«Вдовствующее царство»: Политический кризис в России 30–40-х годов XVI века
Шрифт:
Однако этот рассказ представляет собой такую же фикцию, как и утверждение официальной московской летописи середины XVI в., будто Василий III перед смертью приказал своей супруге, великой княгине Елене, держать «скипетр великия Руси до возмужения сына своего» и возложил на нее «все правъление великого государства» [2147] . На самом деле, как мы уже знаем, Елена Глинская стала единоличной правительницей вопреки воле покойного мужа, и произошло это после многомесячной придворной борьбы. Что же касается Софьи, то, как показал А. С. Лавров, запись в записной книге Разрядного приказа, оформившая передачу власти царевне, — а именно на этот источник ссылается С. Медведев в своем рассказе [2148] , — была сделана никак не раньше осени 1682 г., уже после казни князей Хованских [2149] . С октября 1682 г., по наблюдениям того же исследователя, в царских указах наряду с именами «великих государей» Ивана и Петра Алексеевичей появляется и имя их сестры — «великой государыни, царевны и великой княжны Софии Алексеевны» [2150] .
2147
ПСРЛ. М., 1965. Т. 29.
2148
Россия при царевне Софье и Петре I. С. 93.
2149
Лавров А. С. Регентство царевны Софьи Алексеевны: Служилое общество и борьба за власть в верхах Русского государства в 1682–1689 гг. М., 1999. С. 73–77.
2150
Там же. С. 76.
Мы видим здесь ту же формулу соправительства, которую в свое время использовала великая княгиня Елена, а впоследствии — патриарх Филарет: как и в предыдущих случаях, реальная правительница, царевна Софья, приняла титул «государыни», как бы сравнявшись по статусу с братьями-царями. Уникальность ситуации заключалась лишь в том, что в течение почти семи лет в стране номинально было три «великих государя»!

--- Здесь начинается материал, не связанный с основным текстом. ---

(* In the receding-horizon platoon coordination setting at decision instance $t^\star_n$ described in the context, with deterministic travel times $\bar\tau_n(e,t)\in\mathbb Z_+$ and given remaining times $\tau^i_n\in\mathbb Z_+$, the game $G^d_n=(\mathcal N,\mathcal W_n,\{U^i_n(\cdot,\bar\tau_n)\}_{i\in\mathcal N})$ is an exact potential game and thus admits at least one pure Nash equilibrium.
   Context: Setting: a directed graph $\mathcal G=(\mathcal V,\mathcal E)$, vehicles $\mathcal N=\{1,\dots,N\}$, vehicle $i$ having a fixed path of edges $e^i_1,\dots,e^i_{|\mathcal P^i|}$ with $e^i_k$ from node $v^i_k$ to $v^i_{k+1}$. At a decision instance $t^\star_n\in\mathbb Z_+$, each vehicle $i$ will next be at node $v^i_{a_i}$ after $\tau^i_n\in\mathbb Z_+$ further time steps ($\tau^i_n=0$ if it is currently at that node), and decides waiting times $\boldsymbol w^i_n=(w^i_{a_i,n},\dots,w^i_{b_i,n})\in\mathbb Z_+^{b_i-a_i+1}$ at nodes $v^i_{a_i},\dots,v^i_{b_i}$, for given indices $1\le a_i\le b_i\le|\mathcal P^i|$ (in the receding-horizon scheme with horizon $H$: if vehicle $i$ is on edge $e^i_j$ then $a_i=j+1$, $b_i=j+H$; if it is at node $v^i_k$ then $a_i=k$, $b_i=k+H$), chosen from a finite set $\mathcal W^i_n$; $\mathcal W_n=\mathcal W^1_n\times\dots\times\mathcal W^N_n$. Travel times are given by $\bar\tau_n(e,t)\in\mathbb Z_+$ (in the paper, the rounded conditional mean of the travel time on $e$ entered at $t$, given the history observed up to $t^\star_n$). Departure times are $d^i_{a_i}=t^\star_n+\tau^i_n+w^i_{a_i,n}$ and $d^i_{l+1}=d^i_l+\bar\tau_n(e^i_l,d^i_l)+w^i_{l+1,n}$ for $a_i\le l<b_i$. Let $C_n(e,t)=\{i\in\mathcal N:\exists k\in\{a_i,\dots,b_i\},\ e^i_k=e,\ d^i_k=t\}$. With a reward function $R:\mathbb Z_{\ge1}\times\mathcal E\to\mathbb R$ and waiting costs $\Lambda_i:\mathcal W^i_n\to\mathbb R$, the utility of vehicle $i$ is $$U^i_n(\boldsymbol w^i_n,\boldsymbol w^{-i}_n,\bar\tau_n)=\sum_{k=a_i}^{b_i}R\big(|C_n(e^i_k,d^i_k)|,e^i_k\big)-\Lambda_i(\boldsymbol w^i_n).$$ An exact potential game is one admitting a function $\Phi$ on action profiles such that any unilateral action change of a player changes $\Phi$ by exactly the change of that player's utility; a pure Nash equilibrium is a profile from which no player can profitably deviate unilaterally. *)

From mathcomp Require Import all_boot all_order all_algebra.
Set Implicit Arguments. Unset Strict Implicit. Unset Printing Implicit Defensive.
Import Order.TTheory GRing.Theory Num.Theory.
Local Open Scope ring_scope.

(* A vehicle path is given by its node
   sequence [v_1; ...; v_{m+1}]; its edges are e_k = (v_k, v_{k+1}). *)
Definition path_edges (V : Type) (s : seq V) : seq (V * V) := zip s (behead s).

Definition is_graph_path (V : eqType) (G : rel V) (s : seq V) : Prop :=
  [/\ (1 < size s)%N, all (fun e => G e.1 e.2) (path_edges s) & uniq s].

(* deps tb t es ws: given the time t at which the vehicle reaches the first
   node of the edge list es, the waiting times ws at the successive nodes,
   returns the list of (edge, departure time) pairs:
   d_1 = t + w_1, d_{l+1} = d_l + tb(e_l, d_l) + w_{l+1}. *)
Fixpoint deps (E : Type) (tb : E -> nat -> nat) (t : nat) (es : seq E)
  (ws : seq nat) : seq (E * nat) :=
  match es, ws with
  | e :: es', w :: ws' => let d := (t + w)%N in (e, d) :: deps tb (d + tb e d)%N es' ws'
  | _, _ => [::]
  end.

(* edges e^i_{a}, ..., e^i_{b} (1-based indices) of a path *)
Definition horizon_edges (V : Type) (s : seq V) (a b : nat) : seq (V * V) :=
  take (b - a + 1) (drop (a - 1) (path_edges s)).

Section Games.
Variables (R : numDomainType) (N : nat) (S : Type).

Definition upd (w : 'I_N -> S) (i : 'I_N) (s : S) : 'I_N -> S :=
  fun j => if j == i then s else w j.

Definition feasible_profile (feasible : 'I_N -> S -> Prop) (w : 'I_N -> S) :=
  forall j, feasible j (w j).

Definition exact_potential_game (feasible : 'I_N -> S -> Prop)
  (U : 'I_N -> ('I_N -> S) -> R) : Prop :=
  exists Phi : ('I_N -> S) -> R,
    forall w, feasible_profile feasible w ->
    forall i s, feasible i s ->
      Phi (upd w i s) - Phi w = U i (upd w i s) - U i w.

Definition pure_nash_equilibrium (feasible : 'I_N -> S -> Prop)
  (U : 'I_N -> ('I_N -> S) -> R) (w : 'I_N -> S) : Prop :=
  feasible_profile feasible w /\
  forall i s, feasible i s -> U i (upd w i s) <= U i w.
End Games.

Section Platoon.
Variables (R : numDomainType) (V : eqType) (N : nat).
Variables (P : 'I_N -> seq V)
          (a b : 'I_N -> nat)
          (tstar : nat)
          (tau : 'I_N -> nat)
          (tbar : V * V -> nat -> nat).

Definition plan (w : 'I_N -> seq nat) (i : 'I_N) : seq ((V * V) * nat) :=
  deps tbar (tstar + tau i)%N (horizon_edges (P i) (a i) (b i)) (w i).

Definition congestion (w : 'I_N -> seq nat) (e : V * V) (t : nat) : nat :=
  #|[set j : 'I_N | (e, t) \in plan w j]|.

Definition utility (Rw : nat -> V * V -> R) (Lam : 'I_N -> seq nat -> R)
  (i : 'I_N) (w : 'I_N -> seq nat) : R :=
  \sum_(p <- plan w i) Rw (congestion w p.1 p.2) p.1 - Lam i (w i).
End Platoon.

(* The platoon game is a congestion game: every vehicle occupies the resources
   (e, d^i_e) of its plan, its reward on a resource depends only on how many
   vehicles occupy it, and the waiting cost depends only on its own action.
   Rosenthal's potential, the sum over resources r of R(1, r) + ... +
   R(|C(r)|, r) minus all waiting costs, changes under a unilateral deviation
   of vehicle i exactly as the utility of i, because the part of it that
   does not involve i is unaffected by the deviation.  Since the action sets
   are finite and nonempty, a feasible profile maximising the potential is a
   pure Nash equilibrium. *)
From mathcomp Require Import all_boot all_order all_algebra.
From mathcomp Require Import ring.
From Stdlib Require Import FunctionalExtensionality.
Set Implicit Arguments. Unset Strict Implicit. Unset Printing Implicit Defensive.
Import Order.TTheory GRing.Theory Num.Theory.
Local Open Scope ring_scope.

Lemma upd_feasible_profile (N : nat) (S : Type) (feasible : 'I_N -> S -> Prop)
    (w : 'I_N -> S) (i : 'I_N) (s : S) :
  feasible_profile feasible w -> feasible i s ->
  feasible_profile feasible (upd w i s).
Proof. by move=> Hw Hs j; rewrite /upd; case: eqP => [->|]. Qed.

Section FiniteGames.
Variables (R : realDomainType) (N : nat) (S : eqType) (W : 'I_N -> seq S).
Hypothesis W_neq0 : forall i, W i != [::].

Definition profile_of (f : {dffun forall i : 'I_N, 'I_(size (W i))}) : 'I_N -> S :=
  fun i => tnth (in_tuple (W i)) (f i).

Lemma feasible_profile_of f :
  feasible_profile (fun i s => s \in W i) (profile_of f).
Proof. by move=> i; apply: mem_tnth. Qed.

Lemma feasible_profile_ofP (w : 'I_N -> S) :
  feasible_profile (fun i s => s \in W i) w -> exists f, w = profile_of f.
Proof.
move=> Hw; pose idx i : 'I_(size (W i)) := Ordinal (etrans (index_mem _ _) (Hw i)).
exists [ffun i => idx i]; apply: functional_extensionality => i.
by rewrite /profile_of ffunE (tnth_nth (w i)) nth_index.
Qed.

Lemma feasible_argmax (F : ('I_N -> S) -> R) :
  exists2 w, feasible_profile (fun i s => s \in W i) w &
    forall w', feasible_profile (fun i s => s \in W i) w' -> F w' <= F w.
Proof.
have W_gt0 i : (0 < size (W i))%N by rewrite lt0n size_eq0.
pose f0 : {dffun forall i : 'I_N, 'I_(size (W i))} := [ffun i => Ordinal (W_gt0 i)].
case: (@arg_maxP _ _ _ f0 predT (F \o profile_of) isT) => f _ Fmax.
exists (profile_of f) => [|w' /feasible_profile_ofP [f' ->]].
  exact: feasible_profile_of.
exact: Fmax.
Qed.

Theorem exact_potential_game_pure_nash (U : 'I_N -> ('I_N -> S) -> R) :
  exact_potential_game (fun i s => s \in W i) U ->
  exists w, pure_nash_equilibrium (fun i s => s \in W i) U w.
Proof.
case=> Phi Phi_exact; have [w Hw Phi_max] := feasible_argmax Phi.
exists w; split=> // i s Hs.
rewrite -subr_le0 -Phi_exact // subr_le0.
exact: Phi_max (upd_feasible_profile Hw Hs).
Qed.

End FiniteGames.

Section CongestionGames.
Variables (R : numDomainType) (N : nat) (S : Type) (T : eqType).
Variables (res : 'I_N -> S -> seq T) (rw : nat -> T -> R) (cost : 'I_N -> S -> R).

Definition load (w : 'I_N -> S) (r : T) : nat := #|[set j | r \in res j (w j)]|.

Definition load_others (w : 'I_N -> S) (i : 'I_N) (r : T) : nat :=
  #|[set j | (j != i) && (r \in res j (w j))]|.

Definition congestion_utility (i : 'I_N) (w : 'I_N -> S) : R :=
  \sum_(r <- res i (w i)) rw (load w r) r - cost i (w i).

Definition rosenthal_potential (L : seq T) (w : 'I_N -> S) : R :=
  \sum_(r <- L) \sum_(k < load w r) rw k.+1 r - \sum_j cost j (w j).

Definition rosenthal_potential_others (L : seq T) (w : 'I_N -> S) (i : 'I_N) : R :=
  \sum_(r <- L) \sum_(k < load_others w i r) rw k.+1 r
  - \sum_(j | j != i) cost j (w j).

Lemma load_split w i r : load w r = ((r \in res i (w i)) + load_others w i r)%N.
Proof.
rewrite /load cardsE (cardD1 i); congr (_ + _)%N.
by apply: eq_card => j; rewrite !inE.
Qed.

Lemma load_others_upd w i s r : load_others (upd w i s) i r = load_others w i r.
Proof. by apply: eq_card => j; rewrite !inE /upd; case: eqP. Qed.

Lemma rosenthal_potential_others_upd L w i s :
  rosenthal_potential_others L (upd w i s) i = rosenthal_potential_others L w i.
Proof.
rewrite /rosenthal_potential_others; congr (_ - _).
  by apply: eq_bigr => r _; rewrite load_others_upd.
by apply: eq_bigr => j /negbTE; rewrite /upd => ->.
Qed.

(* Resources need not form a finite type (departure times are unbounded), so
   the potential sums over a duplicate-free list L covering all feasible plans;
   duplicate-free plans are needed because [load] counts a player only once. *)
Variables (feasible : 'I_N -> S -> Prop) (L : seq T).
Hypotheses (L_uniq : uniq L) (res_uniq : forall i s, uniq (res i s)).
Hypothesis res_sub_L : forall i s, feasible i s -> {subset res i s <= L}.

Lemma rosenthal_potential_split w i : feasible i (w i) ->
  rosenthal_potential L w = congestion_utility i w + rosenthal_potential_others L w i.
Proof.
move=> Hi; set used := res i (w i).
have loads : \sum_(r <- L) \sum_(k < load w r) rw k.+1 r =
    \sum_(r <- L) \sum_(k < load_others w i r) rw k.+1 r +
    \sum_(r <- L | r \in used) rw (load w r) r.
  rewrite [X in _ + X]big_mkcond -big_split /=; apply: eq_bigr => r _.
  rewrite (load_split w i); case: (r \in used) => /=.
    by rewrite add1n big_ord_recr.
  by rewrite addr0.
have used_sum : \sum_(r <- L | r \in used) rw (load w r) r =
    \sum_(r <- used) rw (load w r) r.
  rewrite -big_filter; apply/perm_big/uniq_perm; rewrite ?filter_uniq ?res_uniq //.
  by move=> r; rewrite mem_filter andb_idr //; apply: res_sub_L.
rewrite /rosenthal_potential loads used_sum (bigD1 i) //=.
rewrite /congestion_utility /rosenthal_potential_others; ring.
Qed.

Theorem rosenthal_potential_exact :
  exact_potential_game feasible congestion_utility.
Proof.
exists (rosenthal_potential L) => w Hw i s Hs.
have Hs' : feasible i (upd w i s i) by rewrite /upd eqxx.
rewrite (rosenthal_potential_split (Hw i)) (rosenthal_potential_split Hs').
by rewrite rosenthal_potential_others_upd; ring.
Qed.

End CongestionGames.

Lemma deps_uniq (E : eqType) (tb : E -> nat -> nat) (t : nat)
    (es : seq E) (ws : seq nat) :
  uniq es -> uniq (deps tb t es ws).
Proof.
have deps_fst : map fst (deps tb t es ws) = take (size ws) es.
  by elim: es t ws => [|e es IH] t [|w ws] //=; rewrite IH.
by move=> es_uniq; apply: (@map_uniq _ _ fst); rewrite deps_fst take_uniq.
Qed.

Lemma horizon_edges_uniq (V : eqType) (G : rel V) (s : seq V) (a b : nat) :
  is_graph_path G s -> uniq (horizon_edges s a b).
Proof. by case=> _ _ s_uniq; rewrite take_uniq // drop_uniq // zip_uniql. Qed.

Lemma utility_congestionE (R : numDomainType) (V : eqType) (N : nat)
    (P : 'I_N -> seq V) (a b : 'I_N -> nat) (tstar : nat) (tau : 'I_N -> nat)
    (tbar : V * V -> nat -> nat) (Rw : nat -> V * V -> R) (Lam : 'I_N -> seq nat -> R) :
  utility P a b tstar tau tbar Rw Lam =
  congestion_utility
    (fun i s => deps tbar (tstar + tau i) (horizon_edges (P i) (a i) (b i)) s)
    (fun k p => Rw k p.1) Lam.
Proof.
apply: functional_extensionality => i; apply: functional_extensionality => w.
by congr (_ - _); apply: eq_bigr => -[[e t]].
Qed.

Theorem corollary1
  (R : realFieldType) (V : finType) (G : rel V) (N : nat)
  (P : 'I_N -> seq V)
  (HP : forall i, is_graph_path G (P i))
  (a b : 'I_N -> nat)
  (Hab : forall i, (1 <= a i)%N /\ (a i <= b i)%N /\ (b i <= size (path_edges (P i)))%N)
  (tstar : nat) (tau : 'I_N -> nat) (tbar : V * V -> nat -> nat)
  (W : 'I_N -> seq (seq nat))
  (HWsize : forall i s, s \in W i -> size s = (b i - a i + 1)%N)
  (HWne : forall i, W i != [::])
  (Rw : nat -> V * V -> R) (Lam : 'I_N -> seq nat -> R) :
  let feasible := fun (i : 'I_N) (s : seq nat) => s \in W i in
  let U := utility P a b tstar tau tbar Rw Lam in
  exact_potential_game feasible U /\
  exists w, pure_nash_equilibrium feasible U w.
Proof.
move=> feasible U.
pose plan_of i s := deps tbar (tstar + tau i) (horizon_edges (P i) (a i) (b i)) s.
pose L := undup (flatten [seq plan_of i s | i <- enum 'I_N, s <- W i]).
have plan_uniq i s : uniq (plan_of i s) by apply/deps_uniq/horizon_edges_uniq/HP.
have plan_sub_L i s : feasible i s -> {subset plan_of i s <= L}.
  move=> Hs r Hr; rewrite mem_undup; apply/flattenP; exists (plan_of i s) => //.
  by apply/allpairsPdep; exists i, s; rewrite mem_enum.
have U_potential : exact_potential_game feasible U.
  rewrite /U utility_congestionE.
  exact: rosenthal_potential_exact (undup_uniq _) plan_uniq plan_sub_L.
by split=> //; apply: exact_potential_game_pure_nash.
Qed.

Но соправительство и регентство — это не одно и то же: Софья Алексеевна носила титул государыни и, судя по всему, хотела быть ею на деле, т. е. хотела царствовать [2151] . Между тем ни объем, ни срок ее полномочий не были регламентированы каким-либо правовым актом. После того как молодые цари женились (Иван — в январе 1684 г., Петр — в январе 1689 г.), правление Софьи стало все больше походить на узурпацию власти ставших уже взрослыми ее братьев. Дальнейший ход событий хорошо известен: августовский переворот 1689 г. положил конец правлению царевны; одни ее советники (в частности, кн. В. В. Голицын) были отправлены в ссылку, другие (как Ф. Л. Шакловитый) казнены, а сама она вскоре вынуждена была уйти в монастырь [2152] .
2151
О подобных амбициях правительницы и, в частности, о гравюрах, на которых Софья изображена с короной на голове, см.: Хьюз Л. Царевна Софья. С. 281.
2152
Подробнее о перевороте 1689 г. см.: Лавров А.С. Регентство царевны Софьи Алексеевны. С. 157–190.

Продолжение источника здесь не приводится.